Finally, when Todd defends his reading as a spondee on the grounds that it is “more dignified and impressive”, he invokes the general canon of “intense human quality”. What may “dignified” mean with reference to metric structures? It suggests that the listener may detect some structural resemblance between the consecutive heavy stresses and the outward manifestation of dignity in humans, such as weightiness, reserve of manner, and clearly articulated gestures. “Weightiness” in a context of a disyllable with its stressed syllable in a weak position, followed by another stressed syllable, suggests “having considerable mass”; in a context of dignified human behaviour it suggests “of much importance or consequence”. As to “reserve”, a stressed syllable in a weak position (followed by another stressed syllable) “holds back” the rhythmic movement of the line, whereas a dignified person “holds back”, “controls” his responses, the expression of his emotions or thoughts. As to “clearly articulated gestures” in poetry, I will argue that the rhythmical performance of such constructs as a disyllable with its second, stressed, syllable in a weak position requires exceptionally clear articulation.

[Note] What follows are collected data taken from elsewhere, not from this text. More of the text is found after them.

(* Let $\phi$ be a topological flow on a compact metric space $(M,\mathrm{dist})$ having the oriented shadowing property. If $p\in\mathrm{Sing}(\phi)$ is Lyapunov stable, then $\bigcap_{n\ge1}\Omega^+(p,1/n)=\{p\}$; if $p\in\mathrm{Sing}(\phi)$ is Lyapunov unstable, then $\bigcap_{n\ge1}\Omega^-(p,1/n)=\{p\}$.
   Context: A topological flow is a continuous $\phi:\mathbb{R}\times M\to M$ with $\phi(0,x)=x$, $\phi(s+t,x)=\phi(s,\phi(t,x))$; $\mathrm{Sing}(\phi)$ is its set of fixed points. A singularity $p$ is Lyapunov stable if for every neighborhood $V$ of $p$ there is a neighborhood $U$ of $p$ with $\phi(t,x)\in V$ for all $t\ge0$, $x\in U$; Lyapunov unstable if the same holds for $t\le0$. A $d$-pseudotrajectory is a map $\xi:\mathbb{R}\to M$ with $\mathrm{dist}(\xi(t+s),\phi(s,\xi(t)))<d$ for all $t\in\mathbb{R}$, $s\in[0,1]$; $\mathrm{Ps}(d)$ is the set of them. $\mathrm{Rep}$ is the set of orientation-preserving homeomorphisms of $\mathbb{R}$. $\phi$ has the oriented shadowing property if for every $\varepsilon>0$ there is $d>0$ such that for every $\xi\in\mathrm{Ps}(d)$ there are $x\in M$, $h\in\mathrm{Rep}$ with $\mathrm{dist}(\xi(t),\phi(h(t),x))<\varepsilon$ for all $t$. $B(\varepsilon,p)$ is the open ball. For $p\in M$, $\varepsilon>0$: $\Omega^+(p,\varepsilon)=\{\xi(t): \xi\in\mathrm{Ps}(\varepsilon),\ \xi(0)\in B(\varepsilon,p),\ t\ge0\}$ and $\Omega^-(p,\varepsilon)=\{\xi(t): \xi\in\mathrm{Ps}(\varepsilon),\ \xi(0)\in B(\varepsilon,p),\ t\le0\}$. *)

From HB Require Import structures.
From mathcomp Require Import all_boot all_order all_algebra.
From mathcomp Require Import all_classical all_reals all_analysis.
Set Implicit Arguments. Unset Strict Implicit. Unset Printing Implicit Defensive.
Import Order.TTheory GRing.Theory Num.Theory.
Import numFieldNormedType.Exports.
Local Open Scope classical_set_scope.
Local Open Scope ring_scope.

Section flows.
Context {R : realType} {M : metricType R}.

Definition is_flow (phi : R -> M -> M) : Prop :=
  continuous (fun q : R * M => phi q.1 q.2) /\
  (forall x, phi 0 x = x) /\
  (forall s t x, phi (s + t) x = phi s (phi t x)).

Definition Sing (phi : R -> M -> M) : set M := [set p | forall t, phi t p = p].

Definition lyapunov_stable (phi : R -> M -> M) (p : M) : Prop :=
  forall V : set M, nbhs p V ->
    exists U : set M, nbhs p U /\ forall t x, 0 <= t -> U x -> V (phi t x).

Definition lyapunov_unstable (phi : R -> M -> M) (p : M) : Prop :=
  forall V : set M, nbhs p V ->
    exists U : set M, nbhs p U /\ forall t x, t <= 0 -> U x -> V (phi t x).

Definition pseudotraj (phi : R -> M -> M) (d : R) (xi : R -> M) : Prop :=
  forall t s, 0 <= s <= 1 -> mdist (xi (t + s)) (phi s (xi t)) < d.

Definition Rep (h : R -> R) : Prop :=
  (exists g : R -> R, cancel h g /\ cancel g h /\ continuous g) /\
  continuous h /\ {homo h : x y / x < y}.

Definition oriented_shadowing (phi : R -> M -> M) : Prop :=
  forall eps : R, 0 < eps -> exists d : R, 0 < d /\
    forall xi : R -> M, pseudotraj phi d xi ->
      exists (x : M) (h : R -> R), Rep h /\
        forall t, mdist (xi t) (phi (h t) x) < eps.

Definition Omega_plus (phi : R -> M -> M) (p : M) (eps : R) : set M :=
  [set y | exists (xi : R -> M) (t : R),
     [/\ pseudotraj phi eps xi, mdist p (xi 0) < eps, 0 <= t & y = xi t]].

Definition Omega_minus (phi : R -> M -> M) (p : M) (eps : R) : set M :=
  [set y | exists (xi : R -> M) (t : R),
     [/\ pseudotraj phi eps xi, mdist p (xi 0) < eps, t <= 0 & y = xi t]].

End flows.

From HB Require Import structures.
From mathcomp Require Import all_boot all_order all_algebra.
From mathcomp Require Import all_classical all_reals all_analysis.
Set Implicit Arguments.
Unset Strict Implicit.
Unset Printing Implicit Defensive.

Import Order.TTheory GRing.Theory Num.Theory.
Import numFieldNormedType.Exports.
Local Open Scope classical_set_scope.
Local Open Scope ring_scope.

(* Shadow a small pseudotrajectory starting near p by an orbit phi(h t, x).
   Its point at time h 0 is close to p, and for t >= 0 the time h t - h 0
   elapsed since then is again >= 0 because h is increasing, so Lyapunov
   stability keeps phi(h t, x), hence also the pseudotrajectory, close to p.
   The unstable case is the same argument on the negative half-line; both are
   treated at once for a time set T preserved by increasing
   reparametrizations. The reverse inclusion holds because the constant
   trajectory at a fixed point is a pseudotrajectory. *)

Section shadowing_near_fixed_point.
Context {R : realType} {M : metricType R}.
Variable phi : R -> M -> M.

Definition stable_on (T : set R) (p : M) : Prop :=
  forall V : set M, nbhs p V ->
    exists U : set M, nbhs p U /\ forall t x, T t -> U x -> V (phi t x).

Definition Omega_on (T : set R) (p : M) (eps : R) : set M :=
  [set y | exists (xi : R -> M) (t : R),
     [/\ pseudotraj phi eps xi, mdist p (xi 0) < eps, T t & y = xi t]].

Definition reparam_invariant (T : set R) : Prop :=
  forall h : R -> R, {homo h : x y / x < y} -> forall t, T t -> T (h t - h 0).

Lemma reparam_invariant_ge0 : reparam_invariant [set t | 0 <= t].
Proof.
move=> h h_incr t /=; rewrite le_eqVlt subr_ge0 => /predU1P[<- //|t_gt0].
exact/ltW/h_incr.
Qed.

Lemma reparam_invariant_le0 : reparam_invariant [set t | t <= 0].
Proof.
move=> h h_incr t /=; rewrite le_eqVlt subr_le0 => /predU1P[-> //|t_lt0].
exact/ltW/h_incr.
Qed.

Lemma pseudotrajW (d d' : R) (xi : R -> M) :
  d <= d' -> pseudotraj phi d xi -> pseudotraj phi d' xi.
Proof. by move=> dd' xi_pt t s s01; exact: lt_le_trans (xi_pt t s s01) dd'. Qed.

Lemma Sing_Omega_on (T : set R) (p : M) (eps : R) :
  Sing phi p -> T 0 -> 0 < eps -> Omega_on T p eps p.
Proof.
move=> p_fix T0 eps_gt0; exists (fun=> p), 0.
by split=> //[t s _|]; rewrite ?p_fix mdistxx.
Qed.

Hypothesis phiD : forall s t x, phi (s + t) x = phi s (phi t x).
Hypothesis phi_shadowing : oriented_shadowing phi.

Lemma Omega_on_small (T : set R) (p : M) :
  reparam_invariant T -> stable_on T p ->
  forall e : R, 0 < e -> exists n : nat, (0 < n)%N /\
    Omega_on T p n%:R^-1 `<=` [set y | mdist p y < e].
Proof.
move=> T_inv p_stable e e_gt0.
have e2_gt0 : 0 < e / 2 by rewrite divr_gt0.
have [U [pU UV]] := p_stable _ (nbhsx_ballx p (e / 2) e2_gt0).
have [del del_gt0 delU] := (nbhs_ballP p U).1 pU.
pose r := Num.min del e / 2.
have r_gt0 : 0 < r by rewrite divr_gt0 // lt_min del_gt0.
have r_del : r + r <= del by rewrite -splitr ge_min lexx.
have r_e : r <= e / 2 by rewrite ler_pM2r // ge_min lexx orbT.
have [d [d_gt0 shadow]] := phi_shadowing r_gt0.
have dr_gt0 : 0 < Num.min d r by rewrite lt_min d_gt0.
have [N _ /(_ N (leqnn _))] := near_infty_natSinv_lt (PosNum dr_gt0).
rewrite /= lt_min => /andP[Nd Nr].
exists N.+1; split=> // _ [xi [t [xi_pt xi0 Tt ->]]].
have [x [h [[_ [_ h_incr]] xi_near]]] := shadow xi (pseudotrajW (ltW Nd) xi_pt).
have U_x0 : U (phi (h 0) x).
  apply: delU; rewrite ballEmdist /=.
  apply: le_lt_trans (metric_triangle _ (xi 0) _) (lt_le_trans _ r_del).
  exact: ltrD (lt_trans xi0 Nr) (xi_near 0).
have : ball p (e / 2) (phi (h t) x).
  by rewrite -(subrK (h 0) (h t)) phiD; apply: UV U_x0; exact: T_inv.
rewrite ballEmdist /= => near_p.
apply: le_lt_trans (metric_triangle _ (phi (h t) x) _) _.
rewrite [e]splitr; apply: ltrD near_p _.
by rewrite metric_sym; exact: lt_le_trans (xi_near t) r_e.
Qed.

Lemma bigcap_Omega_on (T : set R) (p : M) :
  Sing phi p -> T 0 -> reparam_invariant T -> stable_on T p ->
  \bigcap_(n in [set n : nat | (0 < n)%N]) Omega_on T p n%:R^-1 = [set p].
Proof.
move=> p_fix T0 T_inv p_stable; apply/seteqP; split=> [y y_Omega|_ -> n n_gt0].
- apply/esym/mdist_positivity/eqP; rewrite eq_le mdist_ge0 andbT leNgt.
  apply/negP => py_gt0.
  have [n [n_gt0 Omega_small]] := Omega_on_small T_inv p_stable py_gt0.
  by have := Omega_small _ (y_Omega n n_gt0); rewrite /= ltxx.
- by apply: Sing_Omega_on; rewrite // invr_gt0 ltr0n.
Qed.

End shadowing_near_fixed_point.

Theorem lemma4p1 (R : realType) (M : metricType R) (phi : R -> M -> M) :
  compact [set: M] -> is_flow phi -> oriented_shadowing phi ->
  forall p : M, Sing phi p ->
    (lyapunov_stable phi p ->
       \bigcap_(n in [set n : nat | (0 < n)%N]) Omega_plus phi p (n%:R)^-1 = [set p]) /\
    (lyapunov_unstable phi p ->
       \bigcap_(n in [set n : nat | (0 < n)%N]) Omega_minus phi p (n%:R)^-1 = [set p]).
Proof.
move=> _ [_ [_ phiD]] shadowing p p_fix; split=> p_stable.
- exact: (bigcap_Omega_on (T := [set t | 0 <= t]) phiD shadowing p_fix (lexx 0)
    reparam_invariant_ge0 p_stable).
- exact: (bigcap_Omega_on (T := [set t | t <= 0]) phiD shadowing p_fix (lexx 0)
    reparam_invariant_le0 p_stable).
Qed.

We do not know whether Milton or Shelley intended that such constructions as “the supreme King” be performed by inverting the stress on supreme, or by foregrounding a spondee. All we know is that there may be an optional inversion rule which, when applied, yields a convergent iambic lilt; when not—a divergent spondaic cadence. So, the latter possibility should not be ruled out, at least. The reason for the suspension of the alleged optional rule can be aesthetic: Milton and Shelley, being the paradigmatic “divergent poets”, may be more divergent in their conception of delivery style too than Pope, who is the paradigmatic convergent poet. Otherwise, the difference between Milton’s and Pope’s metric styles may be obscured. Moreover, suppose we accept the optional-inversion construal; we still have to explain why is it that Milton and Shelley do have recourse to this optional rule, but Pope doesn’t.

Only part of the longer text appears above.